Performance is usually based on either previous experience or a user’s changing expectations. 

Consistent response is the key to SOA acceptance. The timely provisioning of session and asset resources to ensure response consistency is a critical factor. 

At the IBM 2006 SOA Architect Summit, a presentation on SOA governance discussed the impact of high transaction rates on response time. New and reasonable SLAs are required to set service requester expectations to the appropriate level and provide the correct service targets for the governance team’s operational measurements. 

A recent Microsoft manual, Principles of Service Design: Patterns and Anti- Patterns, offers some relevant points: “ 

(SOA) services are dynamically addressable through URIs, enabling their underlying locations and deployment topologies to change or evolve over time with little impact upon the service itself (this is also true of a service’s communication channels). While these changes may have little impact upon the service, they can have a devastating impact upon applications consuming the service. What if a service you were using today moved to a network in New Zealand tomorrow? The change in response time may have unplanned or unexpected impacts upon the service’s consumers.  

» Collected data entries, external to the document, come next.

(* Identification of Q and Qinv. *)

Lemma RiemannInt_gauss x b (pr : Riemann_integrable gauss x b) :
  RiemannInt pr = tail x - tail b.
Proof.
  rewrite <- RInt_Reals. apply is_RInt_unique.
  replace (tail x - tail b) with (minus (cdf b) (cdf x))
    by (rewrite !cdf_tail; unfold minus, plus, opp; simpl; ring).
  apply (is_RInt_derive (V := R_CompleteNormedModule) cdf).
  - intros; apply cdf_derive.
  - intros; apply gauss_continuous.
Qed.

Lemma is_Q_tail x : is_Q x (tail x).
Proof.
  intros eps Heps. destruct (tails_vanish eps Heps) as [T [HT1 HT]].
  exists (Rmax x T). intros b Hb pr. rewrite RiemannInt_gauss.
  assert (HTb : T <= b) by (generalize (Rmax_r x T); lra).
  destruct (HT b HTb) as [Hb_tail _]. assert (Hpos := tail_range b).
  replace (tail x - tail b - tail x) with (- tail b) by ring.
  rewrite Rabs_Ropp, Rabs_right by lra. nra.
Qed.

Lemma is_Q_unique x l1 l2 : is_Q x l1 -> is_Q x l2 -> l1 = l2.
Proof.
  intros H1 H2. apply Rminus_diag_uniq, Rabs_eq_0, Rle_antisym; [|apply Rabs_pos].
  apply le_epsilon. intros eps Heps.
  destruct (H1 (eps / 2)) as [M1 HM1]; [lra|]. destruct (H2 (eps / 2)) as [M2 HM2]; [lra|].
  set (b := Rmax x (Rmax M1 M2)).
  assert (Hb : M1 <= b /\ M2 <= b)
    by (unfold b; generalize (Rmax_l M1 M2) (Rmax_r M1 M2) (Rmax_r x (Rmax M1 M2)); lra).
  assert (pr : Riemann_integrable gauss x b).
  { apply ex_RInt_Reals_0, (ex_RInt_continuous (V := R_CompleteNormedModule)).
    intros; apply gauss_continuous. }
  assert (A1 := HM1 b (proj1 Hb) pr). assert (A2 := HM2 b (proj2 Hb) pr).
  replace (l1 - l2) with (- (RiemannInt pr - l1) + (RiemannInt pr - l2)) by ring.
  eapply Rle_trans; [apply Rabs_triang|]. rewrite Rabs_Ropp. lra.
Qed.

Lemma Q_tail x : Q x = tail x.
Proof.
  apply (is_Q_unique x); [|apply is_Q_tail].
  unfold Q. apply epsilon_spec. exists (tail x). apply is_Q_tail.
Qed.

Lemma tail_injective x y : tail x = tail y -> x = y.
Proof.
  intro H. apply (injective_of_increasing cdf cdf_increasing). rewrite !cdf_tail, H. ring.
Qed.
Lemma full_clone_is_clone : is_clone full_clone.
Proof.
split; first by move=> f; rewrite inE.
split; first by move=> k i; rewrite inE; apply: leq_ltn_trans (ltn_ord i).
move=> k l f g; rewrite inE => k_gt0 g_in; rewrite inE.
by have := g_in (Ordinal k_gt0); rewrite inE.
Qed.

Definition ray k (w v : {ffun op D k -> rat}) (n : nat) : {ffun op D k -> rat} :=
  [ffun f => n%:R * w f + v f].

Lemma is_weightingZ (C : cloneT D) k (w : {ffun op D k -> rat}) c :
  0 <= c -> is_weighting C w -> is_weighting C [ffun f => c * w f].
Proof.
move=> c_ge0 [k_gt0 [w_out [w_sum w_neg]]]; split=> //; split.
  by move=> f /w_out; rewrite ffunE => ->; rewrite mulr0.
split.
  under eq_bigr do rewrite ffunE.
  by rewrite -mulr_sumr w_sum mulr0.
move=> f f_in; rewrite ffunE => cw_lt0; apply: w_neg => //.
by rewrite ltNge; apply: contraTN cw_lt0 => w_ge0; rewrite -leNgt mulr_ge0.
Qed.

Lemma is_weightingD (C : cloneT D) k (w v : {ffun op D k -> rat}) :
  is_weighting C w -> is_weighting C v -> is_weighting C [ffun f => w f + v f].
Proof.
move=> [k_gt0 [w_out [w_sum w_neg]]] [_ [v_out [v_sum v_neg]]].
split=> //; split.
  by move=> f f_out; rewrite ffunE w_out // v_out // addr0.
split.
  under eq_bigr do rewrite ffunE.
  by rewrite big_split /= w_sum v_sum addr0.
move=> f f_in; rewrite ffunE => wv_lt0.
by have [/w_neg|w_ge0] := ltP (w f) 0; [apply | apply: v_neg => //; lra].
Qed.

Lemma ray_weighting (C : cloneT D) k (w v : {ffun op D k -> rat}) n :
  is_weighting C w -> is_weighting C v -> is_weighting C (ray w v n).
Proof.
move=> w_wt v_wt; have := is_weightingD (is_weightingZ (ler0n _ n) w_wt) v_wt.
by congr is_weighting; apply/ffunP => f; rewrite !ffunE.
Qed.

Lemma wpol_ray (C : cloneT D) k (w v : {ffun op D k -> rat}) (g : wrel D) :
  (forall n, wpol (Weighting C (ray w v n)) g) -> wpol (Weighting C w) g.
Proof.
move=> ray_pol; have [C_pol _] := ray_pol 0%N; split=> // x x_feas /=.
apply: (@ray_le0 _ _ (\sum_(f in C k) v f * odflt 0 (wr_fun g (app f x)))) => n.
have [_ /(_ x x_feas) /=] := ray_pol n.
under eq_bigr do rewrite ffunE mulrDl -mulrA.
by rewrite big_split -mulr_sumr.
Qed.

Lemma big_dirac (T : finType) (A : {pred T}) (a : T) (X : T -> rat) :
  a \in A -> \sum_(f in A) (f == a)%:R * X f = X a.
Proof.
move=> a_in; rewrite (bigD1 a) //= eqxx mul1r big1 ?addr0 // => f /andP[_ /negPf->].
exact: mul0r.
Qed.

Definition dirac_diff k (a b : op D k) : {ffun op D k -> rat} :=
  [ffun f => (f == a)%:R - (f == b)%:R].

Lemma dirac_diff_weighting (C : cloneT D) k (a : op D k) (i : 'I_k) :
  is_clone C -> a \in C k -> is_weighting C (dirac_diff a (proj D i)).
Proof.
move=> [_ [C_proj _]] a_in; split; first exact: leq_ltn_trans (ltn_ord i).
split.
  move=> f f_out; rewrite ffunE.
  have /negPf-> : f != a by apply: contraNneq f_out => ->.
  have /negPf-> : f != proj D i by apply: contraNneq f_out => ->; apply: C_proj.
  by rewrite subrr.
split.
  under eq_bigr do rewrite ffunE -[_ - _]mulr1 mulrBl.
  by rewrite sumrB !big_dirac ?C_proj ?subrr.
move=> f _; rewrite ffunE; have [-> _|f_ne] := eqVneq f (proj D i); first by exists i.
by rewrite subr0 ltNge ler0n.
Qed.

Lemma app_superpos k l m (f : op D k) (g : 'I_k -> op D l) (y : 'I_l -> tup D m) :
  app (superpos f g) y = app f (fun i => app (g i) y).
Proof.
apply/ffunP => j; rewrite !ffunE; congr (f _); apply/ffunP => i.
by rewrite !ffunE.
Qed.

Definition wmass k m (u : {ffun op D k -> rat}) (x : 'I_k -> tup D m) (s : tup D m) :=
  \sum_f u f * (app f x == s)%:R.

Lemma wmassZ k m c (u : {ffun op D k -> rat}) x (s : tup D m) :
  wmass [ffun f => c * u f] x s = c * wmass u x s.
Proof. by rewrite /wmass mulr_sumr; apply: eq_bigr => f _; rewrite ffunE mulrA. Qed.

Lemma wmassD k m (u v : {ffun op D k -> rat}) x (s : tup D m) :
  wmass [ffun f => u f + v f] x s = wmass u x s + wmass v x s.
Proof. by rewrite /wmass -big_split; apply: eq_bigr => f _; rewrite ffunE mulrDl. Qed.

Lemma wmass_ray k m (w v : {ffun op D k -> rat}) n x (s : tup D m) :
  wmass (ray w v n) x s = n%:R * wmass w x s + wmass v x s.
Proof.
rewrite -wmassZ -wmassD; congr wmass.
by apply/ffunP => f; rewrite !ffunE.
Qed.

Lemma wmass_dirac_diff k m (a b : op D k) x (s : tup D m) :
  wmass (dirac_diff a b) x s = (app a x == s)%:R - (app b x == s)%:R.
Proof.
rewrite /wmass; under eq_bigr do rewrite ffunE mulrBl.
by rewrite sumrB !big_dirac.
Qed.

Lemma wmass_wsup k l m (u : {ffun op D k -> rat}) (g : 'I_k -> op D l) y (s : tup D m) :
  (0 < k)%N -> wmass (wsup full_clone u g) y s = wmass u (fun i => app (g i) y) s.
Proof.
move=> k_gt0; rewrite /wmass.
have full f' : \sum_(f in full_clone k | superpos f g == f') u f =
               \sum_(f | superpos f g == f') u f.
  by apply: eq_bigl => f; rewrite inE k_gt0.
under eq_bigr do rewrite ffunE full mulr_suml big_mkcond.
rewrite exchange_big /=; apply: eq_bigr => f _.
by rewrite -big_mkcond /= (big_pred1 (superpos f g)) ?app_superpos.
Qed.

Definition lex_cone (a b : rat) : Prop := 0 < a \/ (a = 0 /\ b <= 0).

Lemma lex_coneZ c a b : 0 <= c -> lex_cone a b -> lex_cone (c * a) (c * b).
Proof.
rewrite le0r => /orP[/eqP->|c_gt0]; first by rewrite !mul0r => _; right.
case=> [a_gt0|[-> b_le0]]; first by left; rewrite mulr_gt0.
by right; rewrite mulr0 pmulr_rle0.
Qed.

Lemma lex_coneD a b a' b' :
  lex_cone a b -> lex_cone a' b' -> lex_cone (a + a') (b + b').
Proof. rewrite /lex_cone; lra. Qed.

Definition cone_weighting m (s t : tup D m) k (u : {ffun op D k -> rat}) : Prop :=
  is_weighting full_clone u /\ forall x, lex_cone (wmass u x s) (wmass u x t).

Lemma cone_weighting_wclone m (s t : tup D m) :
  is_wclone full_clone (cone_weighting s t).
Proof.
split.
  exists 1%N, [ffun _ => 0]; split.
    split=> //; split; first by move=> f; rewrite ffunE.
    split; first by rewrite big1 // => f _; rewrite ffunE.
    by move=> f _; rewrite ffunE ltxx.
  by move=> x; right; rewrite /wmass !big1 // => f _; rewrite ffunE mul0r.
split; first by move=> k w [].
split.
  move=> k w c c_ge0 [w_wt w_cone]; split; first exact: is_weightingZ.
  by move=> x; rewrite !wmassZ; apply: lex_coneZ.
split.
  move=> k w v [w_wt w_cone] [v_wt v_cone]; split; first exact: is_weightingD.
  by move=> x; rewrite !wmassD; apply: lex_coneD.
move=> k l w g [[k_gt0 _] w_cone] _ wsup_wt; split; first exact: wsup_wt.
by move=> y; rewrite !wmass_wsup.
Qed.

Definition tup1 (a : D) : tup D 1 := [ffun _ => a].

Lemma tup1_inj : injective tup1.
Proof. by move=> a b /ffunP /(_ ord0); rewrite !ffunE. Qed.

Lemma app_unary (f : op D 1) (x : 'I_1 -> tup D 1) :
  app f x = tup1 (f (tup1 (x ord0 ord0))).
Proof.
apply/ffunP => j; rewrite !ffunE; congr (f _); apply/ffunP => i.
by rewrite !ffunE (ord1 i) (ord1 j).
Qed.

Section FullCloneWeightings.
Variable Om : set (weighting D).
Hypothesis Om_full : forall w, Om w -> wcl w = full_clone.
Variable w0 : weighting D.
Hypothesis Om_w0 : Om w0.

Lemma gen_clone_full : gen_clone Om = full_clone.
Proof.
apply: functional_extensionality_dep => k; apply/setP => f.
rewrite inE; apply/asboolP/idP => [|f_full C _ C_sup].
  by apply; [exact: full_clone_is_clone | move=> w /Om_full-> j].
by have /fintype.subsetP := C_sup w0 Om_w0 k; apply; rewrite Om_full.
Qed.

Lemma Pol_Imp_full k : Pol (Imp Om) k = full_clone k.
Proof.
apply/setP => f; rewrite !inE; apply/asboolP/idP => [[]//|k_gt0].
split=> // g [_ /(_ w0 Om_w0) [/(_ k) /fintype.subsetP w0_pol _]].
have := w0_pol f; rewrite Om_full // inE => /(_ k_gt0).
by rewrite inE => /asboolP[_]; apply.
Qed.

Lemma wClone_cone m (s t : tup D m) w :
  (forall w', Om w' -> cone_weighting s t (wfun w')) ->
  wClone Om w -> cone_weighting s t (wfun w).
Proof.
move=> Om_cone [_ wClone_min]; apply: wClone_min => //.
rewrite gen_clone_full; exact: cone_weighting_wclone.
Qed.

End FullCloneWeightings.
End WeightingCalculus.

Definition collapse : op 'I_3 1 := [ffun x : tup 'I_3 1 => if x ord0 == 0 then 0 else 1].
Definition const0 : op 'I_3 1 := [ffun _ => 0].
Definition idop : op 'I_3 1 := proj 'I_3 ord0.

Definition omega (n : nat) : weighting 'I_3 :=
  Weighting (full_clone 'I_3) (ray (dirac_diff collapse idop) (dirac_diff const0 idop) n).

Definition omega_lim : weighting 'I_3 :=
  Weighting (full_clone 'I_3) (dirac_diff collapse idop).

Lemma dirac_diff_full_weighting (a : op 'I_3 1) :
  is_weighting (full_clone 'I_3) (dirac_diff a idop).
Proof. by apply: dirac_diff_weighting; [exact: full_clone_is_clone | rewrite inE]. Qed.

Lemma omega_in_W n : W_D (omega n).
Proof.
by split; [exact: full_clone_is_clone | apply: ray_weighting; apply: dirac_diff_full_weighting].
Qed.

Lemma wmass_dirac_diff_unary (a : op 'I_3 1) x (b : 'I_3) :
  wmass (dirac_diff a idop) x (tup1 b) =
  (a (tup1 (x ord0 ord0)) == b)%:R - (x ord0 ord0 == b)%:R.
Proof.
rewrite wmass_dirac_diff !app_unary !(inj_eq (@tup1_inj _)).
by rewrite /idop /proj !ffunE.
Qed.

Lemma omega_cone n : cone_weighting (tup1 0) (tup1 1) (wfun (omega n)).
Proof.
split; first by apply: ray_weighting; apply: dirac_diff_full_weighting.
move=> x; rewrite !wmass_ray !wmass_dirac_diff_unary !ffunE.
case: (x ord0 ord0) => [[|[|[|//]]] ?] /=; rewrite !(subrr, subr0, mulr0, add0r).
  by right.
all: by left.
Qed.

Lemma omega_lim_not_cone : ~ cone_weighting (tup1 0) (tup1 1) (wfun omega_lim).
Proof.
move=> [_ /(_ (fun=> tup1 2%:R))]; rewrite !wmass_dirac_diff_unary !ffunE /=.
by rewrite subrr /lex_cone ltxx => -[|[_]]; rewrite // subr0 ler10.
Qed.

Lemma omega_inj : injective omega.
Proof.
have collapse_at2 (f : op 'I_3 1) : f (tup1 2%:R) != 1 -> (collapse == f) = false.
  by move=> f2; apply: contraNF f2 => /eqP <-; rewrite !ffunE.
move=> m n [E]; have := Eqdep_dec.inj_pair2_eq_dec _ PeanoNat.Nat.eq_dec _ _ _ _ E.
move=> /ffunP /(_ collapse); rewrite !ffunE !eqxx !collapse_at2 ?ffunE //.
by rewrite subrr subr0 !addr0 !mulr1 => /eqP; rewrite eqr_nat => /eqP.
Qed.
Lemma innerBl u v w : inner (v - w) u = inner v u - inner w u.
Proof. by rewrite innerDl -scaleN1r innerZl rmorphN1 mulN1r. Qed.

Lemma inner_sumr u (I : finType) (F : I -> 'cV[C]_n) :
  inner u (\sum_i F i) = \sum_i inner u (F i).
Proof.
rewrite innerE.
under eq_bigr => i _ do rewrite summxE mulr_sumr.
by rewrite exchange_big /=; apply: eq_bigr => j _; rewrite innerE.
Qed.

Lemma inner_self_eq0 u : inner u u = 0 -> u = 0.
Proof.
rewrite innerE => /eqP; rewrite psumr_eq0 => [/allP H|i _]; last first.
  by rewrite mulrC -normCK exprn_ge0.
apply/matrixP => i j; rewrite (ord1 j) mxE.
have := H i (mem_index_enum i); rewrite mulrC -normCK sqrf_eq0 normr_eq0.
by move=> /eqP.
Qed.

Lemma inner_adj (A : 'M[C]_n) u v : inner (A *m u) v = inner u (adj A *m v).
Proof.
rewrite !innerE.
under eq_bigr => i _ do rewrite mxE rmorph_sum mulr_suml.
under [RHS]eq_bigr => i _ do rewrite mxE mulr_sumr.
rewrite exchange_big /=; apply: eq_bigr => i _; apply: eq_bigr => j _.
rewrite !mxE rmorphM; ring.
Qed.

Lemma ketbra_mul u v : ketbra u *m v = inner u v *: u.
Proof.
apply/matrixP => i j; rewrite (ord1 j) !mxE innerE mulr_suml.
by apply: eq_bigr => k _; rewrite !mxE big_ord1 !mxE; ring.
Qed.

Lemma ketbraZ u (k : C) : ketbra (k *: u) = (k * k^*) *: ketbra u.
Proof. by apply/matrixP => i j; rewrite !mxE !big_ord1 !mxE rmorphM; ring. Qed.

Lemma inner_wsum_ketbra k (t : 'I_k -> C) (x : 'I_k -> 'cV[C]_n) u v :
  inner u ((\sum_(i < k) t i *: ketbra (x i)) *m v) =
  \sum_i t i * inner (x i) v * inner u (x i).
Proof.
rewrite mulmx_suml inner_sumr; apply: eq_bigr => i _.
by rewrite -scalemxAl ketbra_mul scalerA innerZr.
Qed.

End InnerProduct.

Section Coordinates.
Variable C : numClosedFieldType.

Lemma sum2 (F : 'I_2 -> C) : \sum_(i < 2) F i = F (inord 0) + F (inord 1).
Proof.
rewrite !big_ord_recr big_ord0 /= add0r.
by congr (F _ + F _); apply/val_inj; rewrite /= inordK.
Qed.

Lemma sum4 (F : 'I_4 -> C) :
  \sum_(i < 4) F i = F (inord 0) + F (inord 1) + F (inord 2) + F (inord 3).
Proof.
rewrite !big_ord_recr big_ord0 /= add0r.
by congr (F _ + F _ + F _ + F _); apply/val_inj; rewrite /= inordK.
Qed.

Lemma det2 (A : 'M[C]_2) : \det A =
  A (inord 0) (inord 0) * A (inord 1) (inord 1)
  - A (inord 0) (inord 1) * A (inord 1) (inord 0).
Proof.
rewrite (expand_det_row _ (inord 0)) sum2 /cofactor !det_mx11 !mxE.
have -> : lift (inord 0) 0 = inord 1 :> 'I_2 by apply/val_inj; rewrite /= !inordK.
have -> : lift (inord 1) 0 = inord 0 :> 'I_2 by apply/val_inj; rewrite /= !inordK.
by rewrite !inordK //= expr0 expr1; ring.
Qed.

End Coordinates.

Section Projectors.
Variables (C : numClosedFieldType) (n : nat).
Implicit Types (u v w : 'cV[C]_n).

“Service designers should adopt a pessimistic view of how their services will be consumed—services will fail and their associated behaviors (service levels) are subject to change. Appropriate levels of exception handling and compensation logic must be associated with any service invocation. Additionally, service consumers may need to modify their policies to declare minimum response times from services to be consumed. For example, consumers of a service may require varying levels of service regarding security, performance, transactions, and many other factors. “ 

A configurable policy enables a single service to support multiple SLAs regarding service invocation (additional policies may focus on versioning, localization, and other issues). Communicating performance expectations at the service level preserves autonomy since services need not be familiar with the internal implementations of one another. “ 

Service consumers are not the only ones who should adopt pessimistic views of performance—service providers should be just as pessimistic when anticipating how their services are to be consumed. Service consumers should be expected to fail, sometimes without notifying the service itself. Service providers also cannot trust consumers to “do the right thing.” For example, consumers may attempt to communicate using malformed/malicious messages or attempt to violate other policies necessary for successful service interaction. Service internals must attempt to compensate for such inappropriate usage, regardless of user intent.” 

Both the requester/consumer and the service provider must agree to clear explanations of response time patterns. These patterns must incorporate the overhead to deal with the concepts of Web services and Microsoft’s stated pessimistic rationale. 

Users of existing green-screen 3270 legacy applications might scoff at the idea of adding 20 percent to the transactional response time, but can live with it if they: 

• Always get the same response characteristics

• Understand why these characteristics exist

• See the new corporate assets that SOA opens to them as a reasonable tradeoff for the 20 percent. 

The Generation Millennials will more than understand. They should embrace the SOA concept. But they, too, will have to be trained as to why some response times may vary when errors are introduced into the SOA solution. 

When developing a Web servicesbased SOA, remember your audience. What generation are they from? Structure your SOA approach to best fit the decision makers’ and influencers’ generations.